### Exercise aim
Return the following from the records below: each line, word for word, starting with the line that contains "Lemma div_le_div_cross a" and going on through the line that contains "(ln s) (ln t)", with nothing outside that range.

### The input
Lemma antitone_or_forall (P Q : nat -> Prop) :
  (forall m n, (m <= n)%nat -> P n -> P m) -> (forall m n, (m <= n)%nat -> Q n -> Q m) ->
  (forall n, P n \/ Q n) -> (forall n, P n) \/ (forall n, Q n).
Proof.
move=> hP hQ hPQ; case: (pselect (forall n, P n)) => [|/existsNP [n0 hn0]]; first by left.
right=> n; case: (hPQ (maxn n n0)) => h.
- by case: hn0; apply: hP h; exact: leq_maxr.
- by apply: hQ h; exact: leq_maxl.
Qed.

Lemma dependent_choice (T : Type) (P : nat -> T -> Prop) (R : nat -> T -> T -> Prop)
    (t0 : T) :
  P 0%nat t0 -> (forall m t, P m t -> exists t', P m.+1 t' /\ R m t t') ->
  exists f : nat -> T, forall m, P m (f m) /\ R m (f m) (f m.+1).
Proof.
move=> h0 hstep.
have /choice [g hg] : forall m, exists g : T -> T,
    forall t, P m t -> P m.+1 (g t) /\ R m t (g t).
  move=> m; suff /choice [g hg] : forall t, exists t', P m t -> P m.+1 t' /\ R m t t'.
    by exists g.
  by move=> t; case: (pselect (P m t)) => [/hstep [t' ht']|hnP]; [exists t' | exists t].
have hP : forall m, P m (iteri m g t0).
  by elim=> [|m IH] //; rewrite iteriS; exact: (hg m _ IH).1.
exists (fun m => iteri m g t0) => m.
by rewrite iteriS; split; [exact: hP | exact: (hg m _ (hP m)).2].
Qed.

Lemma int_ind_step (P : int -> Prop) :
  P 0 -> (forall k, P k <-> P (k + 1)) -> forall k, P k.
Proof.
move=> h0 hS; elim/int_rect => [//|n IH|n IH].
- by rewrite -addn1 PoszD; exact: (hS n).1.
- by apply: (hS _).2; have -> : - (n.+1)%:Z + 1 = - n%:Z by lia.
Qed.

Section Configurations.
Variable C : finType.
Implicit Types (x y z : config C) (k : int).

Lemma agree_on_le m n x y : (m <= n)%nat -> agree_on n x y -> agree_on m x y.
Proof. by move=> hmn h i hi; apply: h; lia. Qed.

Lemma agree_on_sym n x y : agree_on n x y -> agree_on n y x.
Proof. by move=> h i hi; rewrite h. Qed.

Lemma agree_on_trans n x y z : agree_on n x y -> agree_on n y z -> agree_on n x z.
Proof. by move=> hxy hyz i hi; rewrite hxy // hyz. Qed.

Lemma agree_on_first_diff x y (i : int) : (`|i| < first_diff x y)%nat -> x i = y i.
Proof.
rewrite /first_diff; case: pselect => [h|//].
case: ex_minnP => m _ hmin hlt; apply: contrapT => hne.
suff : (m <= `|i|)%nat by lia.
by apply: hmin; apply/asboolP; exists i.
Qed.

Lemma shiftk_inj k : injective (@shiftk C k).
Proof.
move=> x y /(congr1 (fun u => u (_ - k))) h; apply: funext => i.
by have := h i; rewrite /shiftk subrK.
Qed.

Lemma shift_shiftk k x : shift (shiftk k x) = shiftk (k + 1) x.
Proof. by apply: funext => i; rewrite /shift /shiftk -addrA (addrC 1). Qed.

Lemma shiftk0 x : shiftk 0 x = x.
Proof. by apply: funext => i; rewrite /shiftk addr0. Qed.

Lemma shift_inj : injective (@shift C).
Proof. by move=> x y h; apply: (@shiftk_inj 1). Qed.

Lemma shift_invariant_shiftk (X : config C -> Prop) :
  shift_invariant X -> forall k x, X x -> X (shiftk k x).
Proof.
move=> hX k x hx; elim/int_ind_step: k => [|k]; first by rewrite shiftk0.
by rewrite -shift_shiftk.
Qed.

Definition window (m : nat) x : {ffun 'I_(m.*2.+1) -> C} :=
  [ffun j : 'I_(m.*2.+1) => x (j%:Z - m%:Z)].

Lemma window_agree_on m x y : window m x = window m y -> agree_on m x y.
Proof.
move=> h i hi.
pose j := absz (i + m%:Z).
have hj : (j < m.*2.+1)%nat by rewrite /j; lia.
move/ffunP: h => /(_ (Ordinal hj)); rewrite !ffunE /=.
by have -> : j%:Z - m%:Z = i by rewrite /j; lia.
Qed.

Lemma cluster_window (w : nat -> config C) (Q : nat -> Prop) m :
  infinitely_often Q ->
  exists2 n0, Q n0 & infinitely_often (fun n => Q n /\ agree_on m (w n) (w n0)).
Proof.
move=> /(infinitely_often_pigeonhole (fun n => window m (w n))) [v hv].
have [n0 _ [hQ0 hv0]] := hv 0%nat.
exists n0 => // N; have [n hn [hQ hvn]] := hv N.
by exists n => //; split => //; apply: window_agree_on; rewrite hvn hv0.
Qed.

Lemma agree_on_diagonal (f : nat -> config C) :
  (forall m, agree_on m (f m) (f m.+1)) ->
  forall m, agree_on m (f m) (fun i => f `|i|%nat i).
Proof.
move=> hf.
have coh : forall l m, agree_on m (f m) (f (m + l)%nat).
  elim=> [|l IH] m; first by rewrite addn0.
  apply: agree_on_trans (IH m) _; rewrite addnS.
  exact: agree_on_le (leq_addr l m) (hf _).
move=> m i hi; rewrite -(subnKC hi).
by symmetry; apply: coh; lia.
Qed.

Lemma cluster_point (w : nat -> config C) :
  exists c, forall m, infinitely_often (fun n => agree_on m (w n) c).
Proof.
pose P m c := infinitely_often (fun n => agree_on m (w n) c).
have [c0 hc0] : exists c0, P 0%nat c0.
  have [n0 _ h] := cluster_window w 0 (fun N => ex_intro2 _ _ N (leqnn N) I).
  by exists (w n0) => N; have [n hn [_ ?]] := h N; exists n.
have step : forall m c, P m c -> exists c', P m.+1 c' /\ agree_on m c c'.
  move=> m c /(cluster_window w m.+1) [n0 hn0 h].
  exists (w n0); split; last exact: agree_on_sym.
  by move=> N; have [n hn [_ ?]] := h N; exists n.
have [f hf] := dependent_choice hc0 step.
exists (fun i => f `|i|%nat i) => m N.
have [n hn hag] := (hf m).1 N.
exists n => //; apply: agree_on_trans hag _.
by apply: agree_on_diagonal => k; exact: (hf k).2.
Qed.

Definition mirror x : config C := fun i => x (- i).

Lemma agree_on_shiftk_mirror n k x y :
  agree_on n (shiftk k x) (shiftk k y) ->
  agree_on n (shiftk (- k) (mirror x)) (shiftk (- k) (mirror y)).
Proof.
move=> h i hi; have := h (- i); rewrite /shiftk /mirror opprD opprK.
by apply; rewrite normrN.
Qed.

Definition proximal x y := forall n : nat, exists k, agree_on n (shiftk k x) (shiftk k y).

Definition disagree_then_agree (n : nat) x y :=
  exists d, x d <> y d /\ forall i : nat, (0 < i <= n)%nat -> x (d + i%:Z) = y (d + i%:Z).

Lemma disagree_then_agree_le m n x y :
  (m <= n)%nat -> disagree_then_agree n x y -> disagree_then_agree m x y.
Proof. by move=> hmn [d [hd h]]; exists d; split => // i hi; apply: h; lia. Qed.

Lemma last_in_range (P : pred int) (j b : int) : P j -> j <= b ->
  exists d, [/\ d <= b, P d & forall i, d < i <= b -> ~~ P i].
Proof.
move=> hj hjb.
have exP : exists t : nat, P (b - t%:Z).
  by exists (absz (b - j)); have -> : b - (absz (b - j))%:Z = j by lia.
case: (ex_minnP exP) => t ht hmin; exists (b - t%:Z); split => //; first lia.
move=> i hi; apply/negP => hPi.
have := hmin (absz (b - i)); have -> : b - (absz (b - i))%:Z = i by lia.
move=> /(_ hPi); lia.
Qed.

Lemma disagree_then_agree_of_window n k (j : int) x y :
  agree_on n (shiftk k x) (shiftk k y) -> x j <> y j -> j <= k + n%:Z ->
  disagree_then_agree n x y.
Proof.
move=> hag hj hjb.
have [d [hdb /eqP hd hlast]] :=
  last_in_range (P := fun i => x i != y i) (introN eqP hj) hjb.
have hdk : d < k - n%:Z.
  apply: contrapT => hkd; apply: hd.
  by have := hag (d - k); rewrite /shiftk subrK; apply; lia.
by exists d; split => // i hi; apply/eqP/negPn/hlast; lia.
Qed.

Lemma proximal_disagree_then_agree x y : x <> y -> proximal x y ->
  (forall n, disagree_then_agree n x y) \/
  (forall n, disagree_then_agree n (mirror x) (mirror y)).
Proof.
move=> hne hprox.
have [j hj] : exists j, x j <> y j.
  by apply: contrapT => /forallNP h; apply: hne; apply: funext => j; apply: contrapT.
apply: antitone_or_forall => [m n|m n|n]; try exact: disagree_then_agree_le.
have [k hag] := hprox n.
have hout : j < k - n%:Z \/ k + n%:Z < j.
  have : ~ (`|j - k| <= n%:Z) by move=> /hag; rewrite /shiftk subrK.
  lia.
case: hout => hjk; [left | right].
- by apply: disagree_then_agree_of_window hag hj _; lia.
- apply: (disagree_then_agree_of_window (j := - j) (agree_on_shiftk_mirror hag)).
  + by rewrite /mirror opprK.
  + lia.
Qed.

End Configurations.

Section Distance.
Local Open Scope R_scope.
Variable C : finType.
Implicit Types x y : config C.

Lemma dist_ge_not_agree_on n x y : ~ agree_on n x y -> (/ 2) ^ n <= Defs.dist x y.
Proof.
move=> hn; rewrite /Defs.dist.
case: pselect => [exy|_]; first by case: hn => i; rewrite exy.
rewrite !pow_inv; apply: Rinv_le_contravar; first by apply: pow_lt; lra.
apply: Rle_pow; first lra.
apply/leP; rewrite leqNgt; apply/negP => hlt; apply: hn => i hi.
apply: agree_on_first_diff; lia.
Qed.

Lemma not_proximal_dist_bounded x y : ~ proximal x y ->
  exists eps, 0 < eps /\ forall k, eps <= Defs.dist (shiftk k x) (shiftk k y).
Proof.
move=> /existsNP [n /forallNP hn]; exists ((/ 2) ^ n); split.
  by apply: pow_lt; lra.
by move=> k; apply: dist_ge_not_agree_on; exact: hn.
Qed.

End Distance.

Lemma not_distal_proximal_pair (A B : finType) (X : config A -> Prop)
    (pi : config A -> config B) :
  ~ distal X pi -> exists x y, [/\ X x, X y, pi x = pi y, x <> y & proximal x y].
Proof.
move=> hnd; apply: contrapT => hno; apply: hnd => x y hx hy hpi hne.
by apply: not_proximal_dist_bounded => hprox; apply: hno; exists x, y.
Qed.

Definition zip_config (A A' : finType) (u : config A) (v : config A') :
  config (prod A A') := fun i => (u i, v i).

Section FactorMap.
Variables (A B : finType) (X : config A -> Prop) (pi : config A -> config B).
Hypotheses (X_closed : Defs.closed_set X) (X_invariant : shift_invariant X).
Hypothesis pi_shift : forall x, X x -> pi (shift x) = shift (pi x).
Hypothesis pi_continuous : forall x, X x -> forall n : nat, exists m : nat,
  forall x', X x' -> agree_on m x x' -> agree_on n (pi x) (pi x').

Lemma pi_shiftk k x : X x -> pi (shiftk k x) = shiftk k (pi x).
Proof.
move=> hx; elim/int_ind_step: k => [|k]; first by rewrite !shiftk0.
rewrite -!shift_shiftk pi_shift; last exact: shift_invariant_shiftk.
by split=> [-> // | /shift_inj].
Qed.

Lemma closed_set_cluster (w : nat -> config A) c : (forall n, X (w n)) ->
  (forall m, infinitely_often (fun n => agree_on m (w n) c)) -> X c.
Proof.
by move=> hw hc; apply: X_closed => m; have [n _ ?] := hc m 0%nat; exists (w n).
Qed.

Lemma limit_fiber_pair x x' (d : nat -> int) : X x -> X x' -> pi x = pi x' ->
  (forall n, x (d n) <> x' (d n)) ->
  exists z z', [/\ X z, X z', pi z = pi z', z 0 <> z' 0 &
    forall i, (exists N, forall n, (N <= n)%nat ->
                 shiftk (d n) x i = shiftk (d n) x' i) -> z i = z' i].
Proof.
move=> hx hx' hpi hd.
pose u n := shiftk (d n) x; pose u' n := shiftk (d n) x'.
have hu n : X (u n) by apply: shift_invariant_shiftk.
have hu' n : X (u' n) by apply: shift_invariant_shiftk.
have [c hc] := cluster_point (fun n => zip_config (u n) (u' n)).
pose z i := (c i).1; pose z' i := (c i).2.
have hzc m n : agree_on m (zip_config (u n) (u' n)) c ->
    agree_on m (u n) z /\ agree_on m (u' n) z'.
  by move=> h; split=> i /h hi; rewrite /z /z' -hi.
have hz : X z.
  by apply: closed_set_cluster hu _ => m N; have [n hn /hzc[]] := hc m N; exists n.
have hz' : X z'.
  by apply: closed_set_cluster hu' _ => m N; have [n hn /hzc[]] := hc m N; exists n.
exists z, z'; split => //.
- apply: funext => j.
  have [m1 hm1] := pi_continuous hz `|j|%nat.
  have [m2 hm2] := pi_continuous hz' `|j|%nat.
  have [n _ /hzc [h1 h2]] := hc (maxn m1 m2) 0%nat.
  have e1 := hm1 _ (hu n) (agree_on_sym (agree_on_le (leq_maxl _ _) h1)).
  have e2 := hm2 _ (hu' n) (agree_on_sym (agree_on_le (leq_maxr _ _) h2)).
  by rewrite e1 // e2 // !pi_shiftk // hpi.
- have [n _ /hzc [h1 h2]] := hc 0%nat 0%nat.
  by rewrite -h1 // -h2 // /u /u' /shiftk add0r; exact: hd.
- move=> i [N hN]; have [n hn /hzc [h1 h2]] := hc `|i|%nat N.
  by rewrite -h1 // -h2 //; exact: hN.
Qed.

Lemma right_asymptotic_limit x x' : X x -> X x' -> pi x = pi x' ->
  (forall n, disagree_then_agree n x x') ->
  exists z z', [/\ X z, X z', pi z = pi z' & right_asymptotic z z'].
Proof.
move=> hx hx' hpi /choice [d hd].
have [z [z' [hz hz' hpiz hz0 hzi]]] := limit_fiber_pair hx hx' hpi (fun n => (hd n).1).
exists z, z'; split => //; exists 0; split => // i hi; apply: hzi.
have [j eij] : exists j : nat, i = j%:Z by exists `|i|%nat; lia.
subst i.
by exists j => n hn; rewrite /shiftk addrC; apply: (hd n).2; lia.
Qed.

Lemma left_asymptotic_limit x x' : X x -> X x' -> pi x = pi x' ->
  (forall n, disagree_then_agree n (mirror x) (mirror x')) ->
  exists z z', [/\ X z, X z', pi z = pi z' & left_asymptotic z z'].
Proof.
move=> hx hx' hpi /choice [d hd].
have [z [z' [hz hz' hpiz hz0 hzi]]] :=
  limit_fiber_pair (d := fun n => - d n) hx hx' hpi (fun n => (hd n).1).
exists z, z'; split => //; exists 0; split => // i hi; apply: hzi.
have [j eij] : exists j : nat, i = - j%:Z by exists `|i|%nat; lia.
subst i.
exists j => n hn; rewrite /shiftk -opprD addrC.
by apply: (hd n).2; lia.
Qed.
(* Let $R$ be a commutative Noetherian ring with unity, $\lambda$ a length function on $R$-modules, $S=R[x_1,\dots,x_k]$, $N$ an $S$-module and $V_0\le N$ an $R$-submodule which is finitely generated as an $R$-module and satisfies $\lambda(V_0)<\infty$. Let $G_{V_0}(t)=\sum_{n\in\mathbb{N}}\lambda(S_nV_0)t^n$. Then each $\lambda(S_nV_0)$ is finite, and there exists a polynomial $p(t)\in\mathbb{R}[t]$ such that \[G_{V_0}(t)=\frac{p(t)}{(1-t)^{k+1}}.\]
   Context: A length function on $R$-modules is a function $\lambda$ from $R$-modules to $\mathbb{R}_{\ge0}\cup\{\infty\}$ with $\lambda(0)=0$, invariant under isomorphism, additive on short exact sequences, and with $\lambda(M)=\sup\{\lambda(M'):M'\le M$ finitely generated$\}$. $S_n$ is the $R$-module of polynomials in $S$ of total degree at most $n$, and $S_nV_0$ is the $R$-submodule of $N$ generated by the products $pv$, $p\in S_n$, $v\in V_0$. *)

From HB Require Import structures.
From mathcomp Require Import all_boot all_order all_algebra.
From mathcomp Require Import mpoly.
From mathcomp Require Import reals constructive_ereal.
Set Implicit Arguments. Unset Strict Implicit. Unset Printing Implicit Defensive.
Import Order.TTheory GRing.Theory Num.Theory.
Local Open Scope ring_scope.

Section Submodules.
Variables (R : pzRingType) (M : lmodType R).

Definition submodule (A : M -> Prop) : Prop :=
  [/\ A 0, (forall x y, A x -> A y -> A (x + y)) &
      (forall (r : R) x, A x -> A (r *: x))].

Definition rspan (G : M -> Prop) : M -> Prop :=
  fun x => exists (m : nat) (c : 'I_m -> R) (g : 'I_m -> M),
      (forall i, G (g i)) /\ x = \sum_(i < m) c i *: g i.

Definition fin_gen (A : M -> Prop) : Prop :=
  exists (m : nat) (g : 'I_m -> M),
    forall x, A x <-> exists c : 'I_m -> R, x = \sum_(i < m) c i *: g i.

End Submodules.

Definition noetherian (R : comNzRingType) : Prop :=
  forall I : R^o -> Prop, submodule I -> fin_gen I.

(* We encode it on submodules: [lam M A] is lambda of the R-module A, where
   A is an R-submodule of the R-module M (lambda(M) itself is [lam M setT]).
   Short exact sequences 0 -> A' -> A -> A'' -> 0 are given by linear maps
   f : M' -> M, g : M -> M'' restricting to an exact sequence on A', A, A''. *)
Section Length.
Variables (RR : realType) (R : comNzRingType).
(* (a) Let $\mu$ be a real matrix measure on $[0,1]$ with canonical moments $U_n^\mu$, let $a<b$, $\gamma(x)=(b-a)x+a$, and let $\nu=\mu^\gamma$ be the image measure on $[a,b]$ with canonical moments $U_n^\nu$. Then $U_n^\nu=U_n^\mu$ whenever these are defined. (b) If a matrix measure on an interval $[a,b]$ is symmetric (invariant under the reflection $x\mapsto a+b-x$), then its odd canonical moments satisfy $U_{2n-1}=\tfrac12I_p$ whenever defined. (c) Let $\mu$ be a matrix measure on $[0,1]$ with canonical moments $U_n^\mu$ and let $\sigma$ be the symmetric matrix measure on $[-1,1]$ determined by $\sigma([-x,x])=\mu([0,x^2])$, with canonical moments $U_n^\sigma$. Then $U^\sigma_{2n-1}=\tfrac12I_p$ and $U^\sigma_{2n}=U^\mu_n$ whenever defined.
   Context: A real matrix measure on an interval $[a,b]$ is a $p\times p$ matrix of signed Borel measures $\mu$ with $\mu(B)$ symmetric nonnegative definite for every Borel $B\subset[a,b]$ and $\mu([a,b])=I_p$; its moments are $T_k=\int x^kd\mu(x)$, $T_0=I_p$. For given moments $T_0,\dots,T_{k-1}$ of such a measure, let $T_k^+$ and $T_k^-$ denote the maximal and minimal matrices (in the Loewner order) $T$ such that $(T_1,\dots,T_{k-1},T)$ is the moment vector of a matrix measure on $[a,b]$. When $T_k^+-T_k^->0$ (positive definite), the ($k$th, symmetric) canonical moment is $U_k=(T_k^+-T_k^-)^{-1/2}(T_k-T_k^-)(T_k^+-T_k^-)^{-1/2}$; otherwise it is undefined. (For $[0,1]$ these extremes $S_k^\pm$ are given by explicit Hankel-matrix formulas and the canonical moments are defined whenever the moment vector lies in the interior of the moment space.) *)

From Stdlib Require Import Reals Lra Lia.
Open Scope R_scope.

(** p x p real matrices, represented as functions; only indices < p matter. *)
Definition Mat := nat -> nat -> R.

Fixpoint sumR (n : nat) (f : nat -> R) : R :=
  match n with O => 0 | S m => sumR m f + f m end.

Definition meq (p : nat) (A B : Mat) : Prop :=
  forall i j, (i < p)%nat -> (j < p)%nat -> A i j = B i j.
(* Let $\kappa_1,\kappa_2>0$ and $a=\sqrt{\kappa_1/\kappa_2}$. For $V>0$, let $\pi^V$ be the unique stationary distribution of the continuous-time Markov chain on $\mathbb{Z}_{\ge0}$ with two transitions: - $x\to x+1$ at rate $\kappa_1V$ (reaction $\emptyset\to X$); - $x\to x-2$ at rate $\frac{\kappa_2}{V}x(x-1)$ (reaction $2X\to\emptyset$). Let $\tilde\pi^V(\tilde w)=\pi^V(V\tilde w)$ for $\tilde w\in\frac1V\mathbb{Z}_{\ge0}$. If $V\to\infty$ along an increasing sequence and $\tilde x^V\in\frac1V\mathbb{Z}_{\ge0}$ with $\tilde x^V\to\tilde x\in(0,\infty)$, then $$\lim_{V\to\infty}\Big[-\tfrac1V\ln\tilde\pi^V(\tilde x^V)\Big]=g(\tilde x),$$ where $$g(\tilde x)=2\sqrt2\,a-2\tilde x\ln a+\tilde x\ln\tilde x-\tilde x(1+\ln2)-\sqrt{\tilde x^2+4a^2}+\tilde x\ln\!\big(\tilde x+\sqrt{\tilde x^2+4a^2}\big).$$ Moreover, $g$ is a Lyapunov function for the deterministic model $\dot x=\kappa_1-2\kappa_2x^2$ on $(0,\infty)$ at its equilibrium $x^*=\sqrt{\kappa_1/(2\kappa_2)}$: - $g''>0$ on $(0,\infty)$; - $g(x^* )=0$ and $g(x)>0$ for $x\neq x^*$; - $g'(x)(\kappa_1-2\kappa_2x^2)\le0$ for all $x>0$, with equality if and only if $x=x^*$.
   Context: The Markov chain is the stochastic mass-action model of the network $\emptyset\xrightarrow{\kappa_1}X$, $2X\xrightarrow{\kappa_2}\emptyset$, with rate constants scaled as $\kappa_k^V=\kappa_k/V^{|\nu_k|-1}$ ($|\nu_k|$ = number of molecules consumed). *)

From Stdlib Require Import Reals Lra.
Open Scope R_scope.

Definition birth_rate (k1 V : R) (x : nat) : R := k1 * V.
Definition death_rate (k2 V : R) (x : nat) : R := k2 / V * INR x * (INR x - 1).

Definition stationary_dist (k1 k2 V : R) (p : nat -> R) : Prop :=
  (forall x, 0 <= p x) /\
  infinite_sum p 1 /\
  (forall x : nat,
     p x * (birth_rate k1 V x + death_rate k2 V x) =
     (match x with O => 0 | S y => p y * birth_rate k1 V y end)
     + p (x + 2)%nat * death_rate k2 V (x + 2)%nat).

Definition gfun (k1 k2 : R) (x : R) : R :=
  let a := sqrt (k1 / k2) in
  2 * sqrt 2 * a - 2 * x * ln a + x * ln x - x * (1 + ln 2)
  - sqrt (x ^ 2 + 4 * a ^ 2) + x * ln (x + sqrt (x ^ 2 + 4 * a ^ 2)).

(** The stationary distribution balances the probability flux across each cut between
    [n] and [n + 1]; this gives a two-term recursion for the ratios
    [r n = pi (n + 1) / pi n]. Its fixed point at [n = x V] is [rho x], the positive
    root of [x^2 r (1 + r) = a^2], and [ln (rho x) = - g' x]. For [n >= dl V] the
    recursion is a contraction in logarithmic scale, so [ln (r n) = - g' (n / V) + o(1)]
    uniformly in [V], and summing shows that [ln (pi n) + V g (n / V)] varies by [o(V)]
    on every window [dl V <= n <= M V]. That near-constant is [o(V)]: from above because
    [pi <= 1] at [n ~ z V] where [g z = 0], from below because the tails outside the
    window are geometrically small while the total mass is [1].
    The Lyapunov properties follow from [g'' x = 1 / x + 1 / sqrt (x^2 + 4 a^2) > 0]
    and [g z = g' z = 0] at the equilibrium [z = a / sqrt 2]. *)

From Stdlib Require Import Reals Lra Lia Arith.
From Coquelicot Require Import Coquelicot.
Open Scope R_scope.

Lemma div_le_div_cross a b c d : 0 < b -> 0 < d -> a * d <= c * b -> a / b <= c / d.
Proof.
  intros hb hd h; replace (a / b) with (a * d * / (b * d)) by (field; lra).
  replace (c / d) with (c * b * / (b * d)) by (field; lra).
  apply Rmult_le_compat_r; auto; apply Rlt_le, Rinv_0_lt_compat; nra.
Qed.

Lemma exp_le_compat x y : x <= y -> exp x <= exp y.
Proof. intros [l | <-]; [apply Rlt_le, exp_increasing | right]; auto. Qed.

Lemma ln_1p_le t : 0 < t -> ln (1 + t) <= t.
Proof.
  intros ht; rewrite <- (ln_exp t) at 2.
  apply ln_le; [lra | apply exp_ineq1_le].
Qed.

Lemma ln_sqrt2 : ln (sqrt 2) = ln 2 / 2.
Proof.
  assert (h : ln (sqrt 2 * sqrt 2) = ln 2) by (rewrite sqrt_sqrt; lra).
  rewrite ln_mult in h by (apply sqrt_lt_R0; lra); lra.
Qed.

Lemma ln_affine_contraction c d s t T : 0 <= c -> 0 < d -> 0 < s -> 0 < t -> s <= T -> t <= T ->
  Rabs (ln (c + d * s) - ln (c + d * t)) <= d * T / (c + d * T) * Rabs (ln s - ln t).
Proof.
  assert (one_side : forall s t, 0 <= c -> 0 < d -> 0 < s -> s < t -> t <= T ->
    0 <= ln (c + d * t) - ln (c + d * s) <= d * T / (c + d * T) * (ln t - ln s)).
  { clear s t; intros s t hc hd hs hst htT.
    assert (hl : ln s < ln t) by (apply ln_increasing; lra).
    destruct (MVT_cor2 (fun u => ln (c + d * exp u)) (fun u => d * exp u / (c + d * exp u))
                (ln s) (ln t) hl) as [xi [e hxi]].
    { intros u hu; pose proof (exp_pos u); apply is_derive_Reals; auto_derive; [nra | field; nra]. }
    rewrite !exp_ln in e by lra; rewrite e.
    pose proof (exp_pos xi).
    assert (exp xi <= t) by (rewrite <- (exp_ln t) by lra; apply Rlt_le, exp_increasing; lra).
    assert (0 <= d * exp xi / (c + d * exp xi)) by (apply Rdiv_le_0_compat; nra).
    assert (d * exp xi / (c + d * exp xi) <= d * T / (c + d * T)).
    { apply div_le_div_cross; try nra.
      assert (0 <= d * c * (T - exp xi)) by (repeat apply Rmult_le_pos; lra). nra. }
    split; nra. }
  intros hc hd hs ht hsT htT.
  destruct (Rtotal_order s t) as [l | [<- | l]].
  - destruct (one_side s t hc hd hs l htT).
    assert (ln s < ln t) by (apply ln_increasing; lra).
    rewrite Rabs_minus_sym, (Rabs_minus_sym (ln s)), !Rabs_right by lra; lra.
  - rewrite !Rminus_eq_0, !Rabs_R0; lra.
  - destruct (one_side t s hc hd ht l hsT).
    assert (ln t < ln s) by (apply ln_increasing; lra).
    rewrite !Rabs_right by lra; lra.
Qed.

### Reply
Lemma div_le_div_cross a b c d : 0 < b -> 0 < d -> a * d <= c * b -> a / b <= c / d.
Proof.
  intros hb hd h; replace (a / b) with (a * d * / (b * d)) by (field; lra).
  replace (c / d) with (c * b * / (b * d)) by (field; lra).
  apply Rmult_le_compat_r; auto; apply Rlt_le, Rinv_0_lt_compat; nra.
Qed.

Lemma exp_le_compat x y : x <= y -> exp x <= exp y.
Proof. intros [l | <-]; [apply Rlt_le, exp_increasing | right]; auto. Qed.

Lemma ln_1p_le t : 0 < t -> ln (1 + t) <= t.
Proof.
  intros ht; rewrite <- (ln_exp t) at 2.
  apply ln_le; [lra | apply exp_ineq1_le].
Qed.

Lemma ln_sqrt2 : ln (sqrt 2) = ln 2 / 2.
Proof.
  assert (h : ln (sqrt 2 * sqrt 2) = ln 2) by (rewrite sqrt_sqrt; lra).
  rewrite ln_mult in h by (apply sqrt_lt_R0; lra); lra.
Qed.

Lemma ln_affine_contraction c d s t T : 0 <= c -> 0 < d -> 0 < s -> 0 < t -> s <= T -> t <= T ->
  Rabs (ln (c + d * s) - ln (c + d * t)) <= d * T / (c + d * T) * Rabs (ln s - ln t).
Proof.
  assert (one_side : forall s t, 0 <= c -> 0 < d -> 0 < s -> s < t -> t <= T ->
    0 <= ln (c + d * t) - ln (c + d * s) <= d * T / (c + d * T) * (ln t - ln s)).
  { clear s t; intros s t hc hd hs hst htT.
    assert (hl : ln s < ln t) by (apply ln_increasing; lra).
    destruct (MVT_cor2 (fun u => ln (c + d * exp u)) (fun u => d * exp u / (c + d * exp u))
                (ln s) (ln t) hl) as [xi [e hxi]].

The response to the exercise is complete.